Limits to accepting a new longest chain to prevent >50%

[CIYAM]

One of the concerns that has been raised several times about a >50% attack is that if blocks were not immediately published but instead kept secret whilst continuing to mine ahead then finally publishing all of the blocks at once to form a new longer chain invalidating all transactions that occurred before it was started (which could be all the way back to the last checkpoint).

Although perhaps not a very likely scenario such an attack would be a massive confidence destroyer - so I am wondering would it not be reasonable for a client to reject a new chain if it contains blocks that it hasn't seen that are much older than blocks in the chain it is already building on (or is this already the case)?

[1715591029]

1715591029

[Etlase2]

Although perhaps not a very likely scenario such an attack would be a massive confidence destroyer - so I am wondering would it not be reasonable for a client to reject a new chain if it contains blocks that it hasn't seen that are much older than blocks in the chain it is already building on (or is this already the case)?

It could but it doesn't because "there can be only one". While this could be an attack of hashpower, it could also be an attack (or mishap) on the internet infrastructure that has caused a separation of mining powers for some time. When they rejoin, your solution would cause a fork that would have to be resolved by the users instead of by a computer.

[CIYAM]

While this could be an attack of hashpower, it could also be an attack (or mishap) on the internet infrastructure that has caused a separation of mining powers for some time. When they rejoin, your solution would cause a fork that would have to be resolved by the users instead of by a computer.
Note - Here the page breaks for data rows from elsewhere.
Lemma Kwass_ge0 : (exists s1 s2 : S, s1 <> s2) -> inhabited A ->
  (0 <= Kwass dS T)%E.
Proof.
move=> [s1 [s2 s12]] [a]; apply: le_trans (ereal_sup_ubound _); last by exists a, s1, s2.
by rewrite mule_ge0 ?wasserstein_ge0 // lee_fin invr_ge0 metric_ge0.
Qed.

Lemma wasserstein_le_Kwass x y a :
  (wasserstein dS (T x a) (T y a) <= Kwass dS T * (dS x y)%:E)%E.
Proof.
have [<-|xy] := pselect (x = y); first by rewrite wasserstein_refl (metric_xx met) mule0.
rewrite -lee_pdivrMr ?metric_gt0 //.
by apply: ereal_sup_ubound; exists a, x, y.
Qed.

Lemma lipschitz_integral_le_Kwass g c x y a : 0 <= c ->
  lipschitz_with dS c g ->
  (T x a).-integrable setT (EFin \o g) -> (T y a).-integrable setT (EFin \o g) ->
  ((`|Rintegral (T x a) setT g - Rintegral (T y a) setT g|)%:E <=
     c%:E * (Kwass dS T * (dS x y)%:E))%E.
Proof.
move=> c0 g_lip gx gy.
apply: (@le_trans _ _ (c%:E * wasserstein dS (T x a) (T y a))%E).
  exact: lipschitz_integral_le_wasserstein.
by rewrite lee_wpmul2l ?lee_fin ?wasserstein_le_Kwass.
Qed.

End Kwass.
End wasserstein.

Lemma le_limn_esup {R : realType} (u v : (\bar R)^nat) :
  (forall k, (u k <= v k)%E) -> (limn_esup u <= limn_esup v)%E.
Proof.
move=> uv; rewrite !limn_esup_lim.
apply: lee_lim; [exact: is_cvg_esups | exact: is_cvg_esups |].
apply: nearW => k; apply: ge_ereal_sup => _ [m /= km <-].
by apply: le_trans (uv m) _; apply: ereal_sup_ubound; exists m.
Qed.

Lemma limn_esup_le_geometric {R : realType} (u : (\bar R)^nat) (B M q : R) :
  0 <= q < 1 -> (forall k, (u k <= (B + q ^+ k * M)%:E)%E) ->
  (limn_esup u <= B%:E)%E.
Proof.
move=> /andP[q0 q1] u_le; apply: le_trans (le_limn_esup _ _ u_le) _.
suff /cvg_limn_einf_sup[_ ->] : (B + q ^+ k * M)%:E @[k --> \oo] --> B%:E by [].
apply: cvg_EFin; first exact: nearW.
rewrite -[X in _ --> X]addr0; apply: cvgD; first exact: cvg_cst.
by rewrite -(mul0r M); apply: cvgMr_tmp; apply: cvg_expr; rewrite ger0_norm.
Qed.

Definition gvi_update {R : realType} {d : measure_display} {S : measurableType d}
    {n : nat} (gamma : R) (Rw : S -> 'I_n.+1 -> R)
    (T : S -> 'I_n.+1 -> probability S R) (b : backup R)
    (Q : S -> 'I_n.+1 -> R) : S -> 'I_n.+1 -> R :=
  fun s a => Rw s a + gamma * Rintegral (T s a) setT (fun s' => apply_backup b (Q s')).

Section generalized_value_iteration.
Context {R : realType} {d : measure_display} {S : measurableType d} {n : nat}.
Context {dS : S -> S -> R} {T : S -> 'I_n.+1 -> probability S R}.
Context {gamma q KR : R} {Rw : S -> 'I_n.+1 -> R} {b : backup R}.
Hypothesis met : is_metric dS.
Hypothesis lipschitz_measurable :
  forall g c, lipschitz_with dS c g -> measurable_fun setT g.
Hypothesis metric_integrable :
  forall s a s0, (T s a).-integrable setT (fun s' => (dS s0 s')%:E).
Hypotheses (gamma0 : 0 <= gamma) (gamma_Kwass : (gamma%:E * Kwass dS T)%E = q%:E).
Hypothesis Rw_lip : forall a, lipschitz_with dS KR (fun s => Rw s a).
Hypothesis b_ok : backup_ok b.

Lemma gvi_update_lipschitz Q (L : R) : 0 <= L ->
  (forall a, lipschitz_with dS L (fun s => Q s a)) ->
  forall a, lipschitz_with dS (KR + q * L) (fun s => gvi_update gamma Rw T b Q s a).
Proof.
move=> L_ge0 Q_lip a x y; rewrite /gvi_update.
set F := fun s' => apply_backup b (Q s').
have F_lip : lipschitz_with dS L F.
  by move=> u v; apply: apply_backup_lipschitz => // i; exact: Q_lip.
have F_int s : (T s a).-integrable setT (EFin \o F).
  exact: lipschitz_integrable met _ _ _ x L_ge0 F_lip (lipschitz_measurable _ _ F_lip)
    (metric_integrable s a x).
set I1 := Rintegral _ _ _; set I2 := Rintegral _ _ _.
have contract : gamma * `|I1 - I2| <= q * L * dS x y.
  have := lipschitz_integral_le_Kwass met T _ _ x y a L_ge0 F_lip (F_int x) (F_int y).
  have gammaE0 : (0 <= gamma%:E)%E by rewrite lee_fin.
  move=> /(lee_wpmul2l gammaE0).
  by rewrite muleCA (muleA gamma%:E) gamma_Kwass -!EFinM lee_fin mulrA (mulrC L).
have -> : Rw x a + gamma * I1 - (Rw y a + gamma * I2) =
          (Rw x a - Rw y a) + gamma * (I1 - I2) by ring.
rewrite mulrDl; apply: le_trans (ler_normD _ _) _.
by rewrite normrM ger0_norm // lerD ?Rw_lip.
Qed.

Hypotheses (KR0 : 0 <= KR) (q0 : 0 <= q) (q1 : q < 1).

Lemma gvi_lipschitz_bound (Q : nat -> S -> 'I_n.+1 -> R) (L0 : R) :
  (forall a, lipschitz_with dS L0 (fun s => Q 0%N s a)) ->
  (forall j s a, Q j.+1 s a = gvi_update gamma Rw T b (Q j) s a) ->
  forall j a, lipschitz_with dS (KR / (1 - q) + q ^+ j * `|L0 - KR / (1 - q)|)
                              (fun s => Q j s a).
Proof.
move=> Q0_lip Q_next; set B := KR / (1 - q); set M := `|L0 - B|.
have B0 : 0 <= B by rewrite divr_ge0 // subr_ge0 ltW.
have B_fixed : KR + q * B = B by rewrite /B; field; rewrite subr_eq0 gt_eqF.
elim=> [|j IH] a x y.
  apply: le_trans (Q0_lip a x y) _; rewrite ler_wpM2r ?metric_ge0 //.
  by rewrite expr0 mul1r /M; have := ler_norm (L0 - B); lra.
rewrite !Q_next; apply: le_trans (gvi_update_lipschitz _ _ _ IH a x y) _.
  by rewrite addr_ge0 // mulr_ge0 ?exprn_ge0 // normr_ge0.
by rewrite mulrDr addrA B_fixed mulrA -exprS.
Qed.

End generalized_value_iteration.

Theorem theorem3 (R : realType) (d : measure_display) (S : measurableType d)
  (n : nat) (dS : S -> S -> R) (gamma : R) (Rw : S -> 'I_n.+1 -> R)
  (T : S -> 'I_n.+1 -> probability S R) (b : backup R)
  (Q : nat -> S -> 'I_n.+1 -> R) :
  is_metric dS ->
  (forall (g : S -> R) (c : R), lipschitz_with dS c g -> measurable_fun setT g) ->
  (forall s a s0, (T s a).-integrable setT (fun s' => (dS s0 s')%:E)) ->
  0 <= gamma < 1 ->
  (Klip dS Rw < +oo)%E ->
  (gamma%:E * Kwass dS T < 1)%E ->
  backup_ok b ->
  (Klip dS (Q 0%N) < +oo)%E ->
  (forall k s a, Q k.+1 s a =
     Rw s a + gamma * Rintegral (T s a) setT (fun s' => apply_backup b (Q k s'))) ->
  (limn_esup (fun k => Klip dS (Q k)) <= Klip dS Rw / (1 - gamma%:E * Kwass dS T))%E.
Proof.
move=> met lip_mes d_int /andP[gamma0 _] KR_fin contraction b_ok KQ0_fin Q_next.
have [nontrivS | trivS] := pselect (exists s1 s2 : S, s1 <> s2); last first.
  have -> : (fun j => Klip dS (Q j)) = cst -oo%E.
    by apply/funext => j; exact: Klip_trivial.
  by have [_ ->] := cvg_limn_einf_sup (cvg_cst (-oo%E : \bar R)); rewrite leNye.
have inhA : inhabited 'I_n.+1 by constructor; exact: ord0.
have [KR KR0 hKR] := Klip_fin met Rw nontrivS inhA KR_fin.
have [L0 _ hL0] := Klip_fin met (Q 0%N) nontrivS inhA KQ0_fin.
have [q q0 hq] : exists2 q : R, 0 <= q & (gamma%:E * Kwass dS T)%E = q%:E.
  have : (0 <= gamma%:E * Kwass dS T)%E.
    by rewrite mule_ge0 ?lee_fin ?(Kwass_ge0 met T nontrivS inhA).
  by move: contraction; case: (_ * _)%E => // q _ q0; exists q.
have q1 : q < 1 by rewrite -lte_fin -hq.
have Rw_lip := Klip_lipschitz met _ _ hKR.
have Q0_lip := Klip_lipschitz met _ _ hL0.
have Q_lip := gvi_lipschitz_bound met lip_mes d_int gamma0 hq Rw_lip b_ok KR0 q0 q1
  _ _ Q0_lip Q_next.
rewrite hKR hq -EFinB inver subr_eq0 eq_sym lt_eqF // -EFinM.
have q01 : 0 <= q < 1 by rewrite q0 q1.
by apply: limn_esup_le_geometric q01 _ => j; exact: Klip_le.
Qed.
In the scenario above the fork has already happened *before* trying to apply my solution (i.e. as soon as the miners became separated you have forked) - but yes with my solution those forks would not be able to be rejoined (I think if they were big enough you'd still have a hell of a mess so the current system doesn't really help that much).

[Etlase2]

(I think if they were big enough you'd still have a hell of a mess so the current system doesn't really help that much).

A hell of a mess that has a dead simple solution - longest chain wins.

Is it the best solution? It certainly is an inelegant one, but it does fix the problem. I have suggested using a bitcoin days destroyed mechanic in addition to longest chain wins under attack-like scenarios, which doesn't even require a soft fork and would only be an incompatibility issue if the problem occurs, but people around here aren't too interested in straying from the satoshicode.

[CIYAM]

I understand (and respect) the need to be conservative and I guess in the end maybe it is not much different to having checkpoints every now and again but it just seems that disallowing a new longest chain (due to containing blocks that are too old) would be a more elegant (and automatically ongoing) way to prevent such a major reorg from occurring.

Also if I were (well actually I am) in China and had been running on a separate fork for the last year or so then I don't think I'd want to see my fork merged at all (so it may as well stay forked forever).

[Etlase2]

"Too old" is a subjective measure and will be disagreed upon. Not everyone is going to see everything at the same time. And disqualifying "too old" means you are accepting a permanent fork if there has been a network split for more than the "too old" amount of time.

[CIYAM]

Well consider coinbase rewards - you can spend them after a certain number (is it 100 or 120?) more blocks are added to your chain but if you were mining on the losing fork then such blocks are going to be discarded - if you have already *spent* those funds in the meantime then someone is going to be rather unhappy.

If Bitcoin thinks that 100/120 is the *safe* point to allow spending from coinbase then I would be proposing a figure that would be closely related to that (making it no more subjective than the limit already in place).

[kjj]

Right now, a new chain takes over as long as the embedded difficulty is at least one hash more than the currently known chain.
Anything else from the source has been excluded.